Look below for the line that contains "by apply: BA; apply: contraNneq iNs => ->.", then copy it and each following line exactly, through and including the line that contains "by case: eqP".

═════ DATA LISTING

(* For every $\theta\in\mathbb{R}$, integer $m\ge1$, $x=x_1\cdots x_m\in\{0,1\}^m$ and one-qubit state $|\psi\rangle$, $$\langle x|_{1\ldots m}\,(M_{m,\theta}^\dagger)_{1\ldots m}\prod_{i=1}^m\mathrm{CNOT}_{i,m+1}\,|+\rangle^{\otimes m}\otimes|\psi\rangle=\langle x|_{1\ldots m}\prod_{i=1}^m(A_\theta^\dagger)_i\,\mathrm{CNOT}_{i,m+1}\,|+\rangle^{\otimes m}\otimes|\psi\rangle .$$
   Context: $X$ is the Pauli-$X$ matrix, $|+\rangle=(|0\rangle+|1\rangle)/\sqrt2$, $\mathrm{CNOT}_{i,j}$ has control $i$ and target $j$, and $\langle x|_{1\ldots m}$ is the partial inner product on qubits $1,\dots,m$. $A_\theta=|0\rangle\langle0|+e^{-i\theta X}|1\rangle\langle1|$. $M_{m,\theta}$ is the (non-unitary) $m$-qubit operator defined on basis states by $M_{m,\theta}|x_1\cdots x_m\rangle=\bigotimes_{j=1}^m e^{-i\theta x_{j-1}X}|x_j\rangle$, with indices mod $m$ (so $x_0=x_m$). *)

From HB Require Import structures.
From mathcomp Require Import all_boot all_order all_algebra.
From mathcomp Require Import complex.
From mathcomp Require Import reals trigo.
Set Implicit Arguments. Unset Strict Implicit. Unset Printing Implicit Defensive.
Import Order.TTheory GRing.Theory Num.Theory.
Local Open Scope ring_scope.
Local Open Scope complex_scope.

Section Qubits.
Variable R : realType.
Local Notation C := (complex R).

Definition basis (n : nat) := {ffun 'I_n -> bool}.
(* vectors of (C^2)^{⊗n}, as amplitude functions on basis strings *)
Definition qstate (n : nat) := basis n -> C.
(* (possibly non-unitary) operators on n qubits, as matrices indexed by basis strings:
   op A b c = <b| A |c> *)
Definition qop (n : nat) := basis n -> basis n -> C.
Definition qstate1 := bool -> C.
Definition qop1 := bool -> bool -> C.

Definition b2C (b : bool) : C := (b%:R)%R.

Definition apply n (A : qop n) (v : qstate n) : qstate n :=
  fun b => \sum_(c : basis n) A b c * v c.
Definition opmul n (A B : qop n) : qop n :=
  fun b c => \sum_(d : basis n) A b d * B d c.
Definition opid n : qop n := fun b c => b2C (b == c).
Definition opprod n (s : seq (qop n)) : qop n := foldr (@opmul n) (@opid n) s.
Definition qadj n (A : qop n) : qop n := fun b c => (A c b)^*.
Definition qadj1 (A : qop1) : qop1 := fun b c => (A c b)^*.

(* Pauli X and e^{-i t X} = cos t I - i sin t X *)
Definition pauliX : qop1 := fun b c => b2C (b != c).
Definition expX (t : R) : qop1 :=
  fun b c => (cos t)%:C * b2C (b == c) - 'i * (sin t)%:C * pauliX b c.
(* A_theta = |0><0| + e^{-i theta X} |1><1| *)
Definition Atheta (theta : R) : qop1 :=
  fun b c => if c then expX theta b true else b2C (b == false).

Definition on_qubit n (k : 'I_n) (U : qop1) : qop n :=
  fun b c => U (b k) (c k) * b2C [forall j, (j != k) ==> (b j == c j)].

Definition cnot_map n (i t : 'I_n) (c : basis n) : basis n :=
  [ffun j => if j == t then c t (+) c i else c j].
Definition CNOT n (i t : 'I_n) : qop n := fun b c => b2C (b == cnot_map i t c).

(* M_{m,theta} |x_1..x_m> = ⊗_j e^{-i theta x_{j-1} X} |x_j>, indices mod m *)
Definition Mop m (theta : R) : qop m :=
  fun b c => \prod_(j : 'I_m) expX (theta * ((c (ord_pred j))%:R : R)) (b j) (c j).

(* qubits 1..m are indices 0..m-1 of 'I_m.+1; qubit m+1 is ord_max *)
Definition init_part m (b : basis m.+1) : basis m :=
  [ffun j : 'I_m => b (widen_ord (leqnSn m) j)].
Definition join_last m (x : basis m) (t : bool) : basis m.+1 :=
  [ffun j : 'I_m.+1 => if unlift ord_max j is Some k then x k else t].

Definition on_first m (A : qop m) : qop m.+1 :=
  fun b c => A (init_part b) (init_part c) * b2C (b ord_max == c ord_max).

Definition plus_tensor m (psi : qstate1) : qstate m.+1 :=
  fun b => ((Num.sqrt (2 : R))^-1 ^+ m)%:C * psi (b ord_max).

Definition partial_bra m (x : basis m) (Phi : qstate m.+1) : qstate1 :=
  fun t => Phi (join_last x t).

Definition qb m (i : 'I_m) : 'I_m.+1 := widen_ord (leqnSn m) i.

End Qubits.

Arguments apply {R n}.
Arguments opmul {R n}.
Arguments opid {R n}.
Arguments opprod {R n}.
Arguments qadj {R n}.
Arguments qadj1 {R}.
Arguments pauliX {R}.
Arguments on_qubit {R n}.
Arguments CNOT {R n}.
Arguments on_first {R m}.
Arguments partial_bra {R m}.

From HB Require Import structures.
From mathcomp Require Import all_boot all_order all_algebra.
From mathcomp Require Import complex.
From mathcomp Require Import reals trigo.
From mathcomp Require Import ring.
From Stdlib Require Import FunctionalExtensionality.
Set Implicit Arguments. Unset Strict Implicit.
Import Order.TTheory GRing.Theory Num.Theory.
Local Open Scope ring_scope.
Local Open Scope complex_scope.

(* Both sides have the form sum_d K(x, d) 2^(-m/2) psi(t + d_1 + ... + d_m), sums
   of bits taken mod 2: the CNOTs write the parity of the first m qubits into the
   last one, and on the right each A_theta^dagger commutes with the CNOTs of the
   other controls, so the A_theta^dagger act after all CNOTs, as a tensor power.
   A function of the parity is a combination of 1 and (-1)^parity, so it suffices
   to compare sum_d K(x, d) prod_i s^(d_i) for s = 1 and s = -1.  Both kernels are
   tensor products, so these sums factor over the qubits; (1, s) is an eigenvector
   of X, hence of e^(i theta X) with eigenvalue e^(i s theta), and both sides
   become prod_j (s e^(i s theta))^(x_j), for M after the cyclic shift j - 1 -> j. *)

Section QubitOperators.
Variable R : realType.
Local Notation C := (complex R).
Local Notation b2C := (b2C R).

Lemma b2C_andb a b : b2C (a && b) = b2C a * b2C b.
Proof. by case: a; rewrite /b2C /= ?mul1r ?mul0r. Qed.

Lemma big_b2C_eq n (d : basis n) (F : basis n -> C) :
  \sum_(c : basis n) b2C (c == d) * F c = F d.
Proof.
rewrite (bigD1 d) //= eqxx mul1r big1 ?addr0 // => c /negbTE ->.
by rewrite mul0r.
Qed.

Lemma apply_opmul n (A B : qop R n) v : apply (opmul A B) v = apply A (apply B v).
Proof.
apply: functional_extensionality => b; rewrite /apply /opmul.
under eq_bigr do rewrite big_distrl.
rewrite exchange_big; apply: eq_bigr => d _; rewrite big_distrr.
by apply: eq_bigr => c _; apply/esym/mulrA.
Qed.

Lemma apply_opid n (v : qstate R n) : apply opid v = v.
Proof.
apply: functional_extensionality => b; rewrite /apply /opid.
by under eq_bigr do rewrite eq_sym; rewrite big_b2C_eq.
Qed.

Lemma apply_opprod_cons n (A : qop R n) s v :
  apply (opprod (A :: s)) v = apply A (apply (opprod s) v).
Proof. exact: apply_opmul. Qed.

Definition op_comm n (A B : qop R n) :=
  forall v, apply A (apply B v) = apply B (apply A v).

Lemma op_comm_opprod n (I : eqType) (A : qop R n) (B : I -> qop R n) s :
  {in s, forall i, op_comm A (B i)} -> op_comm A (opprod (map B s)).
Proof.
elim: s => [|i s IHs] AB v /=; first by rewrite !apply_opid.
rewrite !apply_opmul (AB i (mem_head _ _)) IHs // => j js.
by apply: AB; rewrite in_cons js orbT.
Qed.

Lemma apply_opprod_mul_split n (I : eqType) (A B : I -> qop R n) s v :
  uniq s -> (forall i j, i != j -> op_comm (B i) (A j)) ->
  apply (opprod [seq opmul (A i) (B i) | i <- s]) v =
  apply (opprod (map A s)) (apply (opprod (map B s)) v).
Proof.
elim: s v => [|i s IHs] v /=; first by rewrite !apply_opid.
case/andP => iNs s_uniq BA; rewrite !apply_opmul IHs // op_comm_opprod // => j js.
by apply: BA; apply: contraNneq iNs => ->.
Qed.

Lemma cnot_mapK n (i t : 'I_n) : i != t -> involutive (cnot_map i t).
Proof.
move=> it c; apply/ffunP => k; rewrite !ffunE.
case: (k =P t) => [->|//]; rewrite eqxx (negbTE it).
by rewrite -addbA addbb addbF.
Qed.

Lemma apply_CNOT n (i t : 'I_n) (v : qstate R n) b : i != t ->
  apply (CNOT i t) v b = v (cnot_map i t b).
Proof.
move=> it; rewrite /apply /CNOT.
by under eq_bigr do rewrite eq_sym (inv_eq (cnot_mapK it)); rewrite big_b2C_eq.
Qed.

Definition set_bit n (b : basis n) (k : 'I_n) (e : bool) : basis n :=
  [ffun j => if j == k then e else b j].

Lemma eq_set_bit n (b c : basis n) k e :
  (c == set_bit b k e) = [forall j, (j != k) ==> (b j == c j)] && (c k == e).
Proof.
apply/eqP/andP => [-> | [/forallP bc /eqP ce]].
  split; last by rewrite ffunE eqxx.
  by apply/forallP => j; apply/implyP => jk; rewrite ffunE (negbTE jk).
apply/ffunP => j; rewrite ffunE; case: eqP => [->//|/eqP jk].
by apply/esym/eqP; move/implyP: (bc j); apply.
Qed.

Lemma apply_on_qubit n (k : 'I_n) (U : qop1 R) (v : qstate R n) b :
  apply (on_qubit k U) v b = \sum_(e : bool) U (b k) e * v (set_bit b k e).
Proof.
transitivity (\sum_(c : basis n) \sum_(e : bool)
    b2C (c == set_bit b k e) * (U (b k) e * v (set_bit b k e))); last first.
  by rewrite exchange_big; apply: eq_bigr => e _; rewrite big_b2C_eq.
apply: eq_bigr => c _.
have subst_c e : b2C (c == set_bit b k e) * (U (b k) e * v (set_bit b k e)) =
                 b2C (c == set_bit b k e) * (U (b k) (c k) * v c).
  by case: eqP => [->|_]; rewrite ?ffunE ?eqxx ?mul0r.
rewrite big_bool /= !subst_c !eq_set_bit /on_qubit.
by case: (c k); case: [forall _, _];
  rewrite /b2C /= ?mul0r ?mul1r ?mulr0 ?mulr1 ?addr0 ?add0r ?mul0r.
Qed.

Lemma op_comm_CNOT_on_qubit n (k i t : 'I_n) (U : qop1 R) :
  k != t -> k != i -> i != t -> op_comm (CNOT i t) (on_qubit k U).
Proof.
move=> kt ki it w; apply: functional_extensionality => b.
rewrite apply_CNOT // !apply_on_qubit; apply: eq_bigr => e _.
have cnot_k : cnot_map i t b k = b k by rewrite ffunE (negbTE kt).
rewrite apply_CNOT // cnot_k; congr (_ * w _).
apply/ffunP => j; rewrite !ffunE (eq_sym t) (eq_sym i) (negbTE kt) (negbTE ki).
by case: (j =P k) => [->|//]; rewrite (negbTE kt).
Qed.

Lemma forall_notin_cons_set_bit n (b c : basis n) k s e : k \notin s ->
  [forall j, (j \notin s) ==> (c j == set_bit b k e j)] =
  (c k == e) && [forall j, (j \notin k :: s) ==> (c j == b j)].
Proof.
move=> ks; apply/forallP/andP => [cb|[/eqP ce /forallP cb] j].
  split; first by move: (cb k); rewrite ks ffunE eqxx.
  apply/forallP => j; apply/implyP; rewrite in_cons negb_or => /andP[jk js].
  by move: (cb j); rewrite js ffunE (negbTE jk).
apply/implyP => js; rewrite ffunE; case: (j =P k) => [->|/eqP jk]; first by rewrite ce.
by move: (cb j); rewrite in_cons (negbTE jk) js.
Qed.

══════════

WRITTEN SOLUTION>
by apply: BA; apply: contraNneq iNs => ->.
Qed.

Lemma cnot_mapK n (i t : 'I_n) : i != t -> involutive (cnot_map i t).
Proof.
move=> it c; apply/ffunP => k; rewrite !ffunE.
case: (k =P t) => [->|//]; rewrite eqxx (negbTE it).
by rewrite -addbA addbb addbF.
Qed.

Lemma apply_CNOT n (i t : 'I_n) (v : qstate R n) b : i != t ->
  apply (CNOT i t) v b = v (cnot_map i t b).
Proof.
move=> it; rewrite /apply /CNOT.
by under eq_bigr do rewrite eq_sym (inv_eq (cnot_mapK it)); rewrite big_b2C_eq.
Qed.

Definition set_bit n (b : basis n) (k : 'I_n) (e : bool) : basis n :=
  [ffun j => if j == k then e else b j].

Lemma eq_set_bit n (b c : basis n) k e :
  (c == set_bit b k e) = [forall j, (j != k) ==> (b j == c j)] && (c k == e).
Proof.
apply/eqP/andP => [-> | [/forallP bc /eqP ce]].
  split; last by rewrite ffunE eqxx.
  by apply/forallP => j; apply/implyP => jk; rewrite ffunE (negbTE jk).
apply/ffunP => j; rewrite ffunE; case: eqP => [->//|/eqP jk].
by apply/esym/eqP; move/implyP: (bc j); apply.
Qed.

Lemma apply_on_qubit n (k : 'I_n) (U : qop1 R) (v : qstate R n) b :
  apply (on_qubit k U) v b = \sum_(e : bool) U (b k) e * v (set_bit b k e).
Proof.
transitivity (\sum_(c : basis n) \sum_(e : bool)
    b2C (c == set_bit b k e) * (U (b k) e * v (set_bit b k e))); last first.
  by rewrite exchange_big; apply: eq_bigr => e _; rewrite big_b2C_eq.
apply: eq_bigr => c _.
have subst_c e : b2C (c == set_bit b k e) * (U (b k) e * v (set_bit b k e)) =
                 b2C (c == set_bit b k e) * (U (b k) (c k) * v c).
  by case: eqP => [->|_]; rewrite ?ffunE ?eqxx ?mul0r.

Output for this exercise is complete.